Like every other publication with a digital mouth, the BBC reports that Mark Papermaster has left Apple. He was largely responsible for various aspects of the iPhone 4 and so, of course, everyone’s now speculating that Jobs fired him for the antenna disaster (you know, the one where the iPhone 4 actually has a superior signal to the 3GS, unless you hold it in a very specific way, whereupon reception can sometimes drop somewhat—DISASTER!).

The reason I cite the BBC report is because it’s typical of the copy-and-paste reporting on subjects such as this. The assumption is Papermaster was canned due to iPhone 4 issues; the report calls the iPhone 4 “troubled” (the biggest ‘trouble’ with the device is that Apple can’t make the damn things fast enough, so finding one available to buy isn’t easy); it notes Consumer Reports saying it won’t recommend the iPhone 4, but omits the publication’s hypocrisy on recommending other devices with the exact same ‘issue’.

The WSJ, naturally, digs a little deeper, claiming that the departure was “driven by a broader cultural incompatibility” and that Papermaster had “lost the confidence of Mr. Jobs months ago and hasn’t been part of the decision-making process for some time”. It also claims it was Jobs, not Papermaster, who made the final decision to press ahead with the external antenna, even once Apple was aware of the ‘risks’ associated with that design.

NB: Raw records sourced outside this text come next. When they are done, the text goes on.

(* An L-state $\rho\in\mathscr L$ is an X-state if and only if its Bloch vector $(\rho_I)_{\emptyset\ne I}\in\bigoplus_{\emptyset\ne I}\mathscr V_I$ lies in $X(\mathfrak B)$ for some longitudinal system $\mathfrak B$.
   Context: Let $V_1,\dots,V_n$ be two-dimensional complex vector spaces, $\mathscr V_i=\mathfrak{sl}(V_i)$ with the form $\langle A,B\rangle=\tfrac12\operatorname{tr}(AB)$, and $\mathscr L$ the set of trace-one endomorphisms of $V_1\otimes\cdots\otimes V_n$. An X-state is a $\rho\in\mathscr L$ for which there exist ordered bases $\{e^i_0,e^i_1\}$ of the $V_i$ such that $\rho$ maps the span of the basis tensors $e^1_{\phi(1)}\otimes\cdots\otimes e^n_{\phi(n)}$ ($\phi:\{1,\dots,n\}\to\{0,1\}$) with $\sum\phi(i)$ even into itself, and the span of those with $\sum\phi(i)$ odd into itself. Bloch vector: for $\emptyset\ne I=\{i_1<\dots<i_k\}$, $\mathscr V_I=\mathscr V_{i_1}\otimes\cdots\otimes\mathscr V_{i_k}$ is regarded inside $\mathrm{End}(V_1\otimes\cdots\otimes V_n)$ by tensoring with identities on the other factors; each $\rho\in\mathscr L$ is uniquely $\rho=2^{-n}\mathrm{id}+\sum_{\emptyset\ne I}\rho_I$ with $\rho_I\in\mathscr V_I$. A longitudinal system $\mathfrak B=(\mathscr V_1^\ell,\dots,\mathscr V_n^\ell)$ consists of lines $\mathscr V_i^\ell\subseteq\mathscr V_i$ spanned by vectors $v$ with $\langle v,v\rangle\neq0$; $\mathscr V_i^t=(\mathscr V_i^\ell)^\perp$. $\mathscr V_I^e$ is the span of tensors $x_{i_1}\otimes\cdots\otimes x_{i_k}$ with each $x_{i_j}\in\mathscr V_{i_j}^\ell$ or $x_{i_j}\in\mathscr V_{i_j}^t$ and an even number of them transversal; $X(\mathfrak B)=\bigoplus_{\emptyset\ne I}\mathscr V_I^e$. *)

From HB Require Import structures.
From mathcomp Require Import all_boot all_order all_algebra.
From mathcomp Require Export complex.
From mathcomp Require Export reals.
Set Implicit Arguments.
Unset Strict Implicit.
Unset Printing Implicit Defensive.
Import GRing.Theory Num.Theory.
Local Open Scope ring_scope.

Section Defs.
Variable C : fieldType.
Variable n : nat.

(* Each V_i is C^2 with its standard basis; a basis tensor of
   V_1 (x) ... (x) V_n (standard basis) is indexed by phi : {0..n-1} -> {0,1}. *)
Definition idx := {ffun 'I_n -> 'I_2}.
Definition vec := idx -> C.
(* endomorphisms of V_1 (x) ... (x) V_n, as matrices w.r.t. the standard basis *)
Definition op := idx * idx -> C.

Definition span (T : Type) (S : (T -> C) -> Prop) (f : T -> C) : Prop :=
  exists (m : nat) (c : 'I_m -> C) (s : 'I_m -> T -> C),
    (forall k, S (s k)) /\ forall t, f t = \sum_(k < m) c k * s k t.

Definition op_apply (A : op) (v : vec) : vec :=
  fun chi => \sum_(psi : idx) A (chi, psi) * v psi.

Definition optrace (A : op) : C := \sum_(phi : idx) A (phi, phi).

Definition idop : op := fun p => (p.1 == p.2)%:R.

Definition L_state (rho : op) : Prop := optrace rho = 1.

Definition parity (phi : idx) : bool := odd (\sum_(i < n) (nat_of_ord (phi i))).

(* Ordered bases of the V_i: P i is an invertible 2x2 matrix whose columns
   are e^i_0, e^i_1.  basis_tensor P phi = e^1_{phi 1} (x) ... (x) e^n_{phi n}. *)
Definition basis_tensor (P : 'I_n -> 'M[C]_2) (phi : idx) : vec :=
  fun chi => \prod_(i < n) P i (chi i) (phi i).

Definition parity_span (P : 'I_n -> 'M[C]_2) (b : bool) : vec -> Prop :=
  span (fun v => exists phi, parity phi = b /\ v = basis_tensor P phi).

Regardless of the truth behind Papermaster’s exit, anyone not clamouring to write iPhone 4 link-bait can and probably should make the following predictions regarding where things go from here:

  1. The Papermaster story will continue to bubble around the tech and mainstream press, in cut-and-paste fashion;
  2. The press will continue to refer to the iPhone 4 like some kind of poo on a shoe, repeatedly rattling on about all its problems and how this could spell disaster for Apple;
  3. The general public won’t care and the iPhone 4 will continue to fly off the shelves (real and virtual) as fast as Apple can make them.